Lots of insurance news today, some of it a bit odd.
Business Week reports that lawmakers in Maine are considering removing annual and lifetime caps on health coverage.
The Huffington Post and numerous other news sites report that public health care spending is on track to exceed private insurance spending (on health care) next year.
Here in Washington, several news outlets reported on a cease and desist order issued by our office against an auto service contract company. Here's a link to one of the stories, this one in the Puget Sound Business Journal.

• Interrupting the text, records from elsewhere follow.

Lemma comp_nt_S3_off i j q : i != j -> comp_nt (S3 V i q) (n j) = 0.
Proof.
rewrite eq_sym => ji; have [c _ nj] := outward_normal_grad nd (hn j).
have nj1 := outward_normal_dotv1 (hn j).
rewrite /S3; case/or3P: (sh4_cases ji) => /eqP Ej; subst j; case: q => /=.
- by rewrite comp_nt_devm_tens_orth // nj dotvZr dotv_cross_r mulr0.
- exact: comp_nt_devm_tens_par nj1 nj.
- exact: comp_nt_devm_tens_par nj1 nj.
- by rewrite comp_nt_devm_tens_orth // nj dotvZr dotv_cross_l mulr0.
- by rewrite comp_nt_devm_tens_orth // nj dotvZr dotv_cross_l mulr0.
- by rewrite comp_nt_devm_tens_orth // nj dotvZr dotv_cross_r mulr0.
Qed.

Lemma S3_tangential i :
  [/\ dotv (tang V (sh i 2) (sh i 3)) (S3 V i false *m n i) = 0,
      dotv (tang V (sh i 1) (sh i 2)) (S3 V i false *m n i) != 0
    & dotv (tang V (sh i 3) (sh i 1)) (S3 V i false *m n i) != 0] /\
  [/\ dotv (tang V (sh i 2) (sh i 3)) (S3 V i true *m n i) != 0,
      dotv (tang V (sh i 1) (sh i 2)) (S3 V i true *m n i) != 0
    & dotv (tang V (sh i 3) (sh i 1)) (S3 V i true *m n i) = 0].
Proof.
have [c c0 ni] := outward_normal_grad nd (hn i).
have cross_n_neq0 a b x : uniq [:: x; i; a; b] ->
    dotv (cross (grad V a) (grad V b)) (n i) != 0.
  by move=> uxiab; rewrite ni dotvZr mulf_neq0 // (cross_grad_neq0 nd uxiab).
have /cross_n_neq0 b0 : uniq [:: sh i 1; i; sh i 2; sh i 3].
  by case: i {c0 ni cross_n_neq0} => [[|[|[|[|?]]]] ?].
have /cross_n_neq0 b1 : uniq [:: sh i 2; i; sh i 3; sh i 1].
  by case: i {c0 ni cross_n_neq0 b0} => [[|[|[|[|?]]]] ?].
(* Abstracting the cross products keeps the rewrites below from trying to
   unify them with [tang], which is very slow. *)
move: b0 b1; rewrite /S3 /=.
move: (cross _ (grad V (sh i 3))) (cross _ (grad V (sh i 1))) => u0 u1 u0n u1n.
rewrite !(dotv_tang_devm_tens_grad nd (hn i)) ?sh_eq_id // !eqxx !sh_eq //=.
rewrite !subrr !mulr0 !subr0 !sub0r !mulr1 !mulrN1 !mulrN !oppr_eq0.
by do 2!split; rewrite // mulf_neq0 // inv_normv_edge_neq0 // sh_eq.
Qed.

Lemma comp_nt_S3_neq0 i q : comp_nt (S3 V i q) (n i) != 0.
Proof.
have t12_n : dotv (tang V (sh i 1) (sh i 2)) (n i) = 0.
  by rewrite (dotv_tang_normal (hn i)) ?sh_eq_id.
have [[_ t12_S0 _] [_ t12_S1 _]] := S3_tangential i.
by case: q; [move: t12_S1 | move: t12_S0];
  apply: contraNneq => S0; rewrite -dotv_comp_nt // S0 linear0.
Qed.

Lemma comp_nt_S3_pair_free j c0 c1 :
  c0 *: comp_nt (S3 V j false) (n j) + c1 *: comp_nt (S3 V j true) (n j) = 0 ->
  c0 = 0 /\ c1 = 0.
Proof.
have [[t23_S0 t12_S0 _] [t23_S1 _ _]] := S3_tangential j.
apply: (dotv_triangular_free (t0 := tang V (sh j 2) (sh j 3))
                             (t1 := tang V (sh j 1) (sh j 2)));
  by rewrite dotv_comp_nt ?(dotv_tang_normal (hn j)) ?sh_eq_id.
Qed.

Lemma tetrahedron_S3 :
  [/\ is_basis_of_dev (fun p : 'I_4 * bool => S3 V p.1 p.2),
      (forall i j q, i != j -> comp_nt (S3 V i q) (n j) = 0),
      (forall i q, comp_nt (S3 V i q) (n i) != 0)
    & (forall i,
        [/\ dotv (tang V (sh i 2) (sh i 3)) (S3 V i false *m n i) = 0,
             dotv (tang V (sh i 1) (sh i 2)) (S3 V i false *m n i) != 0
           & dotv (tang V (sh i 3) (sh i 1)) (S3 V i false *m n i) != 0] /\
        [/\ dotv (tang V (sh i 2) (sh i 3)) (S3 V i true *m n i) != 0,
             dotv (tang V (sh i 1) (sh i 2)) (S3 V i true *m n i) != 0
           & dotv (tang V (sh i 3) (sh i 1)) (S3 V i true *m n i) = 0])].
Proof.
split; [apply: traceless_free_basis | exact: comp_nt_S3_off
        | exact: comp_nt_S3_neq0 | exact: S3_tangential].
- by rewrite card_prod card_ord card_bool.
- by move=> k; rewrite /S3; case: ifP => _; exact: mxtrace_devm.
- exact: comp_nt_pair_free comp_nt_S3_off comp_nt_S3_pair_free.
Qed.

End Tetrahedron.

Theorem lemma5p1 (R : rcfType) :
  (* d = 2 *)
  (forall (V : 'I_3 -> 'cV[R]_2) (n : 'I_3 -> 'cV[R]_2),
     nondeg_simplex V -> (forall i, outward_unit_normal V i (n i)) ->
     [/\ is_basis_of_dev (S2 V),
         (forall i j, i != j -> comp_nt (S2 V i) (n j) = 0)
       & (forall i, comp_nt (S2 V i) (n i) != 0)]) /\
  (* d = 3 *)
  (forall (V : 'I_4 -> 'cV[R]_3) (n : 'I_4 -> 'cV[R]_3),
     nondeg_simplex V -> (forall i, outward_unit_normal V i (n i)) ->
     [/\ is_basis_of_dev (fun p : 'I_4 * bool => S3 V p.1 p.2),
         (forall i j q, i != j -> comp_nt (S3 V i q) (n j) = 0),
         (forall i q, comp_nt (S3 V i q) (n i) != 0)
       & (forall i,
           [/\ dotv (tang V (sh i 2) (sh i 3)) (S3 V i false *m n i) = 0,
                dotv (tang V (sh i 1) (sh i 2)) (S3 V i false *m n i) != 0
              & dotv (tang V (sh i 3) (sh i 1)) (S3 V i false *m n i) != 0] /\
           [/\ dotv (tang V (sh i 2) (sh i 3)) (S3 V i true *m n i) != 0,
                dotv (tang V (sh i 1) (sh i 2)) (S3 V i true *m n i) != 0
              & dotv (tang V (sh i 3) (sh i 1)) (S3 V i true *m n i) = 0])]).
Proof. by split=> V n; [exact: triangle_S2 | exact: tetrahedron_S3]. Qed.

ABC News says that some fire departments are billing homeowners for the cost of putting out fires. Among the reported justifications: "Hey, don't worry, it's going to go to insurance."
The LA Times covers a controversial decision by Oklahoma State University to take out $10 million life insurance policies on 27 donors, naming the school as beneficiary. Name of program: the "Gift of a Lifetime."
The Wall Street Journal reports that Metlife shares dropped on worries over potential AIG aquisition, and that Hanover Insurance's profit was up 68 percent on investment gains.
Also in the Journal: A leading anti-insurance-fraud group says that "questionable" claims rose 14 percent last year.
Marketingprofs.com says that online searches for life insurance are up 15 percent.
Lastly, the Bizarre Insurance Story of the Day: police in Darwin, Australia have nabbed a man who allegedly bombed an insurance office. He's a 45-year-old man who apparently goes by the name "Bird."